We define those values by parsing through the CitiBike json we got earlier, and for each "row" of that json, we create a new row in our SQLite table. 

In [None]:
```python

query_template = """INSERT OR IGNORE INTO StationsData(station_id, num_ebikes_available, num_bikes_available, \
is_installed, last_reported, num_docks_disabled, is_renting, eightd_has_available_keys, \
num_docks_available, num_bikes_disabled, legacy_id, station_status, is_returning) \
VALUES (?, ?, ?, ?, ?, ?, ?, ?, ?, ?, ?, ?, ?);"""

for entry in clean_data: # for every station entry in the json 
    station_id = int(entry['station_id']) # find and set station_id
    num_ebikes_available = int(entry['num_ebikes_available'])
    num_bikes_available = int(entry['num_bikes_available'])
    is_installed = int(entry['is_installed'])
    last_reported = int(entry['last_reported'])
    num_docks_disabled = int(entry['num_docks_disabled'])
    is_renting = int(entry['is_renting'])
    eightd_has_available_keys = str(entry['eightd_has_available_keys'])
    num_docks_available = int(entry['num_docks_available'])
    num_bikes_disabled = int(entry['num_bikes_disabled'])
    legacy_id = int(entry['legacy_id'])
    station_status = str(entry['station_status'])
    is_returning = int(entry['is_returning'])
                           
    print("Inserting Station:", station_id, num_ebikes_available, num_bikes_available, is_installed, last_reported, num_docks_disabled, is_renting, eightd_has_available_keys, num_docks_available, num_bikes_disabled, legacy_id, station_status, is_returning) 
    
    query_parameters = (station_id, num_ebikes_available, num_bikes_available, is_installed, last_reported, num_docks_disabled, is_renting, eightd_has_available_keys, num_docks_available, num_bikes_disabled, legacy_id, station_status, is_returning) 
    
    con.execute(query_template, query_parameters)
    
con.commit()

```

Now, we can use [pd.read_sql](https://pandas.pydata.org/pandas-docs/stable/reference/api/pandas.read_sql.html) to check that we are properly connected to our database, and the StationsData table within that database:

Looks good!
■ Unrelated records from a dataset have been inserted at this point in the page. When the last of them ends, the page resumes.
(* Tensors over CC.  An element of H (x) H (resp. H (x) H (x) H) is        *)
(* represented by a finite list of pairs (resp. triples) standing for the  *)
(* sum of the corresponding pure tensors.  Two representatives denote the  *)
(* same tensor iff they agree under all products of linear functionals     *)
(* (the canonical map H(x)H -> (H* (x) H* )* is injective over a field).    *)

Definition lfunctional (H : lmodType CC) (f : H -> CC) : Prop :=
  forall (a : CC) (u v : H), f (a *: u + v) = a * f u + f v.

Definition teq2 (H : lmodType CC) (s t : seq (H * H)) : Prop :=
  forall f g : H -> CC, lfunctional f -> lfunctional g ->
    \sum_(p <- s) f p.1 * g p.2 = \sum_(p <- t) f p.1 * g p.2.

Definition teq3 (H : lmodType CC) (s t : seq (H * H * H)) : Prop :=
  forall f g k : H -> CC, lfunctional f -> lfunctional g -> lfunctional k ->
    \sum_(p <- s) f p.1.1 * g p.1.2 * k p.2 =
    \sum_(p <- t) f p.1.1 * g p.1.2 * k p.2.

Record is_hopf (H : algType CC) (D : H -> seq (H * H)) (eps : H -> CC)
    (S : H -> H) : Prop := IsHopf {
  hopf_D_linear : forall (a : CC) (x y : H),
    teq2 (D (a *: x + y)) ([seq (a *: p.1, p.2) | p <- D x] ++ D y);
  hopf_D_mul : forall x y : H,
    teq2 (D (x * y)) [seq (p.1 * q.1, p.2 * q.2) | p <- D x, q <- D y];
  hopf_D_one : teq2 (D 1) [:: (1, 1)];
  hopf_coassoc : forall x : H,
    teq3 [seq (p.1, q.1, q.2) | p <- D x, q <- D p.2]
         [seq (q.1, q.2, p.2) | p <- D x, q <- D p.1];
  hopf_eps_linear : forall (a : CC) (x y : H),
    eps (a *: x + y) = a * eps x + eps y;
  hopf_eps_mul : forall x y : H, eps (x * y) = eps x * eps y;
  hopf_eps_one : eps 1 = 1;
  hopf_counit_l : forall x : H, \sum_(p <- D x) eps p.1 *: p.2 = x;
  hopf_counit_r : forall x : H, \sum_(p <- D x) eps p.2 *: p.1 = x;
  hopf_S_linear : forall (a : CC) (x y : H), S (a *: x + y) = a *: S x + S y;
  hopf_antipode_l : forall x : H, \sum_(p <- D x) S p.1 * p.2 = eps x *: 1;
  hopf_antipode_r : forall x : H, \sum_(p <- D x) p.1 * S p.2 = eps x *: 1
}.
Lemma MI_XY_Z_ge0 Q : jnonneg Q -> 0 <= MI_XY_Z Q.
Proof.
move=> hQ; pose Rr x y z := pXZ Q x z * pYZ Q y z / pZ Q z.
have Rr_ge0 x y z : 0 <= Rr x y z.
  by apply: Rdiv_ge0; [apply: Rmult_le_pos; [exact: pXZ_ge0 | exact: pYZ_ge0] | exact: pZ_ge0].
have gibbs : \rsum_(x : X) \rsum_(y : Y) \rsum_(z : Z) (Q x y z - Rr x y z) <= MI_XY_Z Q.
  apply: rsum_le => x; apply: rsum_le => y; apply: rsum_le => z.
  apply: plogr_ge => // q0; have [? ? ? _] := marginals_pos hQ q0.
  by apply: Rdiv_lt_0_compat => //; apply: Rmult_lt_0_compat.
suff : \rsum_(x : X) \rsum_(y : Y) \rsum_(z : Z) (Q x y z - Rr x y z) = 0 by lra.
have slice z : \rsum_(x : X) \rsum_(y : Y) (Q x y z - Rr x y z) = 0.
  under eq_bigr => x _ do rewrite rsum_sub.
  by rewrite rsum_sub cond_product_mass -/(pZ Q z); ring.
under eq_bigr => x _ do rewrite exchange_big.
by rewrite exchange_big big1 // => z _; apply: slice.
Qed.

Lemma MI_XY_Z_indep Q : jnonneg Q ->
  (forall x y z, Q x y z * pZ Q z = pXZ Q x z * pYZ Q y z) -> MI_XY_Z Q = 0.
Proof.
move=> hQ hind; apply: big1 => x _; apply: big1 => y _; apply: big1 => z _.
rewrite /plogr; case: Rle_dec => h //=.
have [_ _ pZ0 _] := marginals_pos hQ (Rnot_le_lt _ _ h).
rewrite -hind (_ : _ / _ = 1) ?ln_1; [ring | field; lra].
Qed.

Lemma chain_rule_Z Q : jnonneg Q -> MI_X_YZ Q = MI_XZ Q + MI_XY_Z Q.
Proof.
move=> hQ; pose L x z := ln (pXZ Q x z / (pX Q x * pZ Q z)).
have term x y z : plogr (Q x y z) (pX Q x * pYZ Q y z) =
    L x z * Q x y z + plogr (Q x y z) (pXZ Q x z * pYZ Q y z / pZ Q z).
  rewrite /plogr; case: Rle_dec => h /=.
    have -> : Q x y z = 0 by have := hQ x y z; lra.
    ring.
  have q0 : 0 < Q x y z by lra.
  have [a0 b0 c0 d0] := marginals_pos hQ q0.
  rewrite /L (Rmult_comm (ln _)) -Rmult_plus_distr_l -ln_mult.
  - by congr (_ * ln _); field; lra.
  1,2: by repeat first [assumption | apply: Rdiv_lt_0_compat | apply: Rmult_lt_0_compat].
have MI_XZ_L : MI_XZ Q = \rsum_(x : X) \rsum_(y : Y) \rsum_(z : Z) (L x z * Q x y z).
  apply: eq_bigr => x _; rewrite [RHS]exchange_big; apply: eq_bigr => z _.
  rewrite rsum_mull -/(pXZ Q x z) /plogr /L; case: Rle_dec => h /=; last by ring.
  have -> : pXZ Q x z = 0 by have := pXZ_ge0 hQ x z; lra.
  ring.
rewrite MI_XZ_L /MI_X_YZ /MI_XY_Z.
under eq_bigr => x _ do under eq_bigr => y _ do under eq_bigr => z _ do rewrite term.
under eq_bigr => x _ do under eq_bigr => y _ do rewrite big_split.
under eq_bigr => x _ do rewrite big_split.
by rewrite big_split.
Qed.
Last but not least, let's set things up so that our database automatically updates every 15 seconds. 

---

I hope this has helped you find your programming legs! Next week we'll get back to descriptive analytics using Python and Pandas. For now, take time to refresh yourself on the content covered in "Introduction to Programming". 

If you need a referesher on your SQL skills, check out the "Supplementary Info" directory in the class repo.